Collected data entries:

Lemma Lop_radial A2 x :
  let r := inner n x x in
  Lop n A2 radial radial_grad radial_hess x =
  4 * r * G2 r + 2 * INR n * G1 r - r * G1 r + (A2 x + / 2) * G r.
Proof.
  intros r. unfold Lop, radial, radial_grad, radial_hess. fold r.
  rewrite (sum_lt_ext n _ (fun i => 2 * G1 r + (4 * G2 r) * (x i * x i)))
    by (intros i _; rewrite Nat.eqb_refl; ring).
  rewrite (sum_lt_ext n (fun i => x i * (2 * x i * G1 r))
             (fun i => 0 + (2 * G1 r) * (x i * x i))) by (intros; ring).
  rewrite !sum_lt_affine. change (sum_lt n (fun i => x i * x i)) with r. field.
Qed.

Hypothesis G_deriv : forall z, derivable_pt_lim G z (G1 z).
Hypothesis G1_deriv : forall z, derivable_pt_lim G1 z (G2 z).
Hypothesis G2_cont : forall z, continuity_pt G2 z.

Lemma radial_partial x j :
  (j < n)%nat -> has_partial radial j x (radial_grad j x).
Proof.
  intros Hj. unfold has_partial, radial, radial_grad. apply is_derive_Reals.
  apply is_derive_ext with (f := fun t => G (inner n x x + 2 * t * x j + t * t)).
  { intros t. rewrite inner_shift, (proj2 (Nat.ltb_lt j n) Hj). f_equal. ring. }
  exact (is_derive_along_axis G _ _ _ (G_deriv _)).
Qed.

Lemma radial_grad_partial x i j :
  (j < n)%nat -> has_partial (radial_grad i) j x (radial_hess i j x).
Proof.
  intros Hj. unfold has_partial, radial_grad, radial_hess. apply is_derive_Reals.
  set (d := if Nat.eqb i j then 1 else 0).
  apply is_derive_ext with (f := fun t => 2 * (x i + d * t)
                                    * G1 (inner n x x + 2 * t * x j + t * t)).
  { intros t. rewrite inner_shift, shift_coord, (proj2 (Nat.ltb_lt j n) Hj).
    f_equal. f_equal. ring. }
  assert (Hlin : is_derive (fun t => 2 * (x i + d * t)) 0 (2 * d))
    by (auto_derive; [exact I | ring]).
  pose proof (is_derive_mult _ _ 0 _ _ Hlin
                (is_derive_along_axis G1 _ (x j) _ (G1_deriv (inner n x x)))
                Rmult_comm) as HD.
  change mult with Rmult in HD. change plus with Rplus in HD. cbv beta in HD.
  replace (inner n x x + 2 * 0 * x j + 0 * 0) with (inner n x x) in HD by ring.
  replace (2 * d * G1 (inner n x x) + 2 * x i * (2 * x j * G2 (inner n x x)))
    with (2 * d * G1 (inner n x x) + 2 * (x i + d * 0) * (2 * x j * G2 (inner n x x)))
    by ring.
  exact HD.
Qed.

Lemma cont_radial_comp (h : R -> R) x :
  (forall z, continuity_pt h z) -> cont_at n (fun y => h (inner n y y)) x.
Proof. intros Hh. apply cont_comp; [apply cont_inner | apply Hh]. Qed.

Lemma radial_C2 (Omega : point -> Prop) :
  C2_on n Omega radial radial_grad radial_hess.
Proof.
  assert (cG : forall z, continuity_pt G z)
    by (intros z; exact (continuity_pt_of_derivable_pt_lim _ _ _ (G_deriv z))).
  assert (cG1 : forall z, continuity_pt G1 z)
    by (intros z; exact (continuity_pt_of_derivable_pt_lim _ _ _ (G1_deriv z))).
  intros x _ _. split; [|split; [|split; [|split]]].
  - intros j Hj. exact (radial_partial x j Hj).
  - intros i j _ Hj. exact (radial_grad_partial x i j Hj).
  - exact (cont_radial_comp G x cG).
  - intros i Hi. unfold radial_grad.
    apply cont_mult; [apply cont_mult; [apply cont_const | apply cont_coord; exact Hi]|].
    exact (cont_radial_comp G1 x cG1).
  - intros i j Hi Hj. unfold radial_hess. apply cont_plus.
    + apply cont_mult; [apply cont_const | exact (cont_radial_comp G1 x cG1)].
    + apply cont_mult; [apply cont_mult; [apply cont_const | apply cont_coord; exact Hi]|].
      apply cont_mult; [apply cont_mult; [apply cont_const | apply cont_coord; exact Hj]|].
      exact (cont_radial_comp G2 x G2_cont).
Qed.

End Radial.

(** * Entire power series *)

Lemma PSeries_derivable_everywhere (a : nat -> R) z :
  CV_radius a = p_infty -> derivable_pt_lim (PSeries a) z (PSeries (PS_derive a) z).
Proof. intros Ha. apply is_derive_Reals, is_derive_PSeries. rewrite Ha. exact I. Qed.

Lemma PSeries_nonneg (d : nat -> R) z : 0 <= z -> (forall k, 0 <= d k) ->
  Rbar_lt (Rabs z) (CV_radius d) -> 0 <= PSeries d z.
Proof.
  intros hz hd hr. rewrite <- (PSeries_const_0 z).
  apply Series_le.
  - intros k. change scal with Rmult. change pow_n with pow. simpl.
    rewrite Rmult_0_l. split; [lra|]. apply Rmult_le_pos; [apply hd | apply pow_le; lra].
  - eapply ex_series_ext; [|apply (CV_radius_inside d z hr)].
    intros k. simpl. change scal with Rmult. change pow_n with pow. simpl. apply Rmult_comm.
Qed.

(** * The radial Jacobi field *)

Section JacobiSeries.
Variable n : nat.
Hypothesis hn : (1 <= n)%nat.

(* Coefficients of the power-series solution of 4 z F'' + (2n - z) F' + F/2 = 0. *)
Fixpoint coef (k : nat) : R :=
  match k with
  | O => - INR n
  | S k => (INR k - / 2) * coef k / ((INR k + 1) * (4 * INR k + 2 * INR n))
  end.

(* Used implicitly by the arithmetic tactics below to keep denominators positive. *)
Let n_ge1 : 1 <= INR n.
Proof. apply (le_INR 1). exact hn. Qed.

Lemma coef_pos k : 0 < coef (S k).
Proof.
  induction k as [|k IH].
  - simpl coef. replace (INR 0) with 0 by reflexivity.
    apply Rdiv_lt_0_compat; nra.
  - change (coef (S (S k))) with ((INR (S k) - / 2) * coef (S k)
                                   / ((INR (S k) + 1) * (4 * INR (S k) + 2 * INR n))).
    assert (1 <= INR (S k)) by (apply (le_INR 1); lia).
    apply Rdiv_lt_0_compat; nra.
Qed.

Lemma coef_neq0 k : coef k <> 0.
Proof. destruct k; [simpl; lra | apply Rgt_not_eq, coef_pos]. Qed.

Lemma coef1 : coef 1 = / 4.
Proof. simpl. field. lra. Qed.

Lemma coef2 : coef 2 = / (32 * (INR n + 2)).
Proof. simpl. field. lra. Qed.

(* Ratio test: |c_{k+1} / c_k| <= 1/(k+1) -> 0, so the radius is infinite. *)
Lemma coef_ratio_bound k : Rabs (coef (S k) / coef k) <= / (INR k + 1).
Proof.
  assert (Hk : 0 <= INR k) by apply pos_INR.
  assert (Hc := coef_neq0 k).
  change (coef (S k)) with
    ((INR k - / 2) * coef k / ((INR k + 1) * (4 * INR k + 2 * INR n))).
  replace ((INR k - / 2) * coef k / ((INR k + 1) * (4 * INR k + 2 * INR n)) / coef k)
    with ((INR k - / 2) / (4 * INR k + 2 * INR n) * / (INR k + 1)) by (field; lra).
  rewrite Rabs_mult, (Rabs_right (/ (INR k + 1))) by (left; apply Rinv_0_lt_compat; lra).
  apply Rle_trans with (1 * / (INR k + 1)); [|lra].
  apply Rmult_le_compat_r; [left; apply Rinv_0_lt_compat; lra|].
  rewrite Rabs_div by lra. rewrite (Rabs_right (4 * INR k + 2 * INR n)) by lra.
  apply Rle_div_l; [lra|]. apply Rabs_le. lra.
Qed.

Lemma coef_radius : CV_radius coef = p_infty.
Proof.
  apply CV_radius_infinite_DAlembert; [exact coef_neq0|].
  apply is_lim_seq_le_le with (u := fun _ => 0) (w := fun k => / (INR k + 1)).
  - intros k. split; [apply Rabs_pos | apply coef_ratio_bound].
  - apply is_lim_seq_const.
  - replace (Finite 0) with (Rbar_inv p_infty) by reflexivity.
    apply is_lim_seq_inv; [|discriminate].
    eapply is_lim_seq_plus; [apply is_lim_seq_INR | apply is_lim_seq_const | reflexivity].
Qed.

What needs to be done: With the first line being the one containing "replace ((INR k" and the last line the one containing "apply Rle_trans with", transcribe exactly the lines above that fall in that range.

Exercise solution:
  replace ((INR k - / 2) * coef k / ((INR k + 1) * (4 * INR k + 2 * INR n)) / coef k)
    with ((INR k - / 2) / (4 * INR k + 2 * INR n) * / (INR k + 1)) by (field; lra).
  rewrite Rabs_mult, (Rabs_right (/ (INR k + 1))) by (left; apply Rinv_0_lt_compat; lra).
  apply Rle_trans with (1 * / (INR k + 1)); [|lra].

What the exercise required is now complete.